(What you should do): Take the line with "forall A : set R, measurable A ->" and every line after it in the data. Transcribe them exactly, through the last.

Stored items
(* Let $u(\mathbf{x},\Gamma_{\epsilon\boldsymbol{\omega}})$ be the scattered field of the impenetrable scattering problem with the randomly perturbed boundary $\Gamma_{\epsilon\boldsymbol{\omega}}=\Gamma+\epsilon\sum_{j=1}^m\omega_j\mathbf{v}_j$, and write $u(\mathbf{x})=u(\mathbf{x},\Gamma)$. Then, for $\mathbf{x}$ in the exterior of the (perturbed) scatterers, $$\mathbb{E}[u](\mathbf{x})=\mathbb{M}^1[u](\mathbf{x})=u(\mathbf{x})+\frac{\epsilon^2}{3!}\sum_{i=1}^m\delta_{[\mathbf{v}_i,\mathbf{v}_i]}u(\mathbf{x})+\mathcal{O}(\epsilon^4),$$ $$\mathbb{M}^2[u](\mathbf{x})=u^2(\mathbf{x})+\frac{\epsilon^2}{3}\sum_{i=1}^m\Big((\delta_{\mathbf{v}_i}u(\mathbf{x}))^2+u(\mathbf{x})\,\delta_{[\mathbf{v}_i,\mathbf{v}_i]}u(\mathbf{x})\Big)+\mathcal{O}(\epsilon^4),$$ and for every integer $n>2$, $$\mathbb{M}^n[u](\mathbf{x})=u^n(\mathbf{x})+\frac{\epsilon^2}{3}\sum_{i=1}^m\left(\binom n2u^{n-2}(\mathbf{x})(\delta_{\mathbf{v}_i}u(\mathbf{x}))^2+\binom n1u^{n-1}(\mathbf{x})\frac12\delta_{[\mathbf{v}_i,\mathbf{v}_i]}u(\mathbf{x})\right)+\mathcal{O}(\epsilon^4)$$ as $\epsilon\to0$.
   Context: $D\subset\mathbb{R}^2$ is a bounded simply connected open set with smooth boundary $\Gamma$. For a boundary $\Gamma'$, the scattered field $u(\cdot,\Gamma')$ is defined outside the scatterer bounded by $\Gamma'$: the total field $u_{\rm tot}=\phi+u$ (with $\phi$ a plane wave or point-source incident field) satisfies $\nabla\cdot\alpha\nabla u_{\rm tot}+k^2u_{\rm tot}=0$ ($\alpha>0$, $k>0$ constants) in the exterior, with a sound-soft, sound-hard, or impedance boundary condition on $\Gamma'$, and $u$ satisfies the Sommerfeld radiation condition. The velocity fields $\mathbf{v}_1,\dots,\mathbf{v}_m\in C^\infty(\mathbb{R}^2,\mathbb{R}^2)$ have compact support in a band around $\Gamma$; $\delta_{\mathbf{v}_{i_1}}u$, $\delta_{[\mathbf{v}_{i_1},\mathbf{v}_{i_2}]}u,\dots$ denote the first, second, ... order shape derivatives of $u$ with respect to these velocity fields, and the field is assumed to admit the multivariate shape Taylor expansion $u(\mathbf{x},\Gamma_{\epsilon\boldsymbol\omega})=u(\mathbf{x})+\sum_{q=1}^{N}\frac{\epsilon^q}{q!}\sum_{i_1,\dots,i_q=1}^m\big(\prod_{j=1}^q\omega_{i_j}\big)\delta_{[\mathbf{v}_{i_1},\dots,\mathbf{v}_{i_q}]}u(\mathbf{x})+\mathcal{O}(\epsilon^{N+1})$ uniformly in $\boldsymbol\omega$. The random vector $\boldsymbol{\omega}=(\omega_1,\dots,\omega_m)$ has independent components, each uniformly distributed on $[-1,1]$, with density $P$. The $n$th moment is $\mathbb{M}^n[u](\mathbf{x})=\int[u(\mathbf{x},\Gamma_{\epsilon\boldsymbol\omega})]^nP(\boldsymbol\omega)\,d\boldsymbol\omega$ and $\mathbb{E}[u]=\mathbb{M}^1[u]$. *)

From HB Require Import structures.
From mathcomp Require Import all_boot all_order all_algebra.
From mathcomp Require Import all_classical all_reals all_analysis.
From mathcomp Require Import complex.
Set Implicit Arguments. Unset Strict Implicit. Unset Printing Implicit Defensive.
Import Order.TTheory GRing.Theory Num.Theory.
Local Open Scope classical_set_scope.
Local Open Scope ring_scope.

Lemma ltN11 (R : realType) : (-1 < 1 :> R).
Proof. by rewrite (@lt_trans _ _ 0) ?oppr_lt0 ?ltr01. Qed.

Definition cR (R : realType) (r : R) : R[i] := Complex r 0.

Definition cabs (R : realType) (z : R[i]) : R :=
  Num.sqrt (complex.Re z ^+ 2 + complex.Im z ^+ 2).

Definition cexpect (d : measure_display) (T : measurableType d) (R : realType)
  (P : probability T R) (f : T -> R[i]) : R[i] :=
  Complex (Rintegral P setT (fun t => complex.Re (f t)))
          (Rintegral P setT (fun t => complex.Im (f t))).

(* n-th moment  M^n[u] = E[ u(x, Gamma_{eps omega})^n ], with the random vector
   omega = (omega_1, ..., omega_m) given by random variables on (T, P), and
   U eps w = u(x, Gamma_{eps w}) for the fixed observation point x. *)
Definition moment (d : measure_display) (T : measurableType d) (R : realType)
  (P : probability T R) (m : nat) (omega : 'I_m -> {RV P >-> R})
  (U : R -> ('I_m -> R) -> R[i]) (n : nat) (eps : R) : R[i] :=
  cexpect P (fun t => U eps (fun i => omega i t) ^+ n).

Definition mutually_independent (d : measure_display) (T : measurableType d)
  (R : realType) (P : probability T R) (m : nat) (omega : 'I_m -> {RV P >-> R}) :=
  forall B : 'I_m -> set R, (forall i, measurable (B i)) ->
    P (\bigcap_(i in [set: 'I_m]) (omega i @^-1` B i)) =
    (\prod_(i < m) P (omega i @^-1` B i))%E.

Definition uniform_m11 (d : measure_display) (T : measurableType d)
  (R : realType) (P : probability T R) (X : {RV P >-> R}) :=
  forall A : set R, measurable A ->
    P (X @^-1` A) = uniform_prob (ltN11 R) A.

Definition eq_O4 (R : realType) (f g : R -> R[i]) :=
  exists C delta : R, 0 < delta /\
    forall eps : R, `|eps| < delta -> cabs (f eps - g eps) <= C * `|eps| ^+ 4.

(Reply to the exercise):
  forall A : set R, measurable A ->
    P (X @^-1` A) = uniform_prob (ltN11 R) A.

Definition eq_O4 (R : realType) (f g : R -> R[i]) :=
  exists C delta : R, 0 < delta /\
    forall eps : R, `|eps| < delta -> cabs (f eps - g eps) <= C * `|eps| ^+ 4.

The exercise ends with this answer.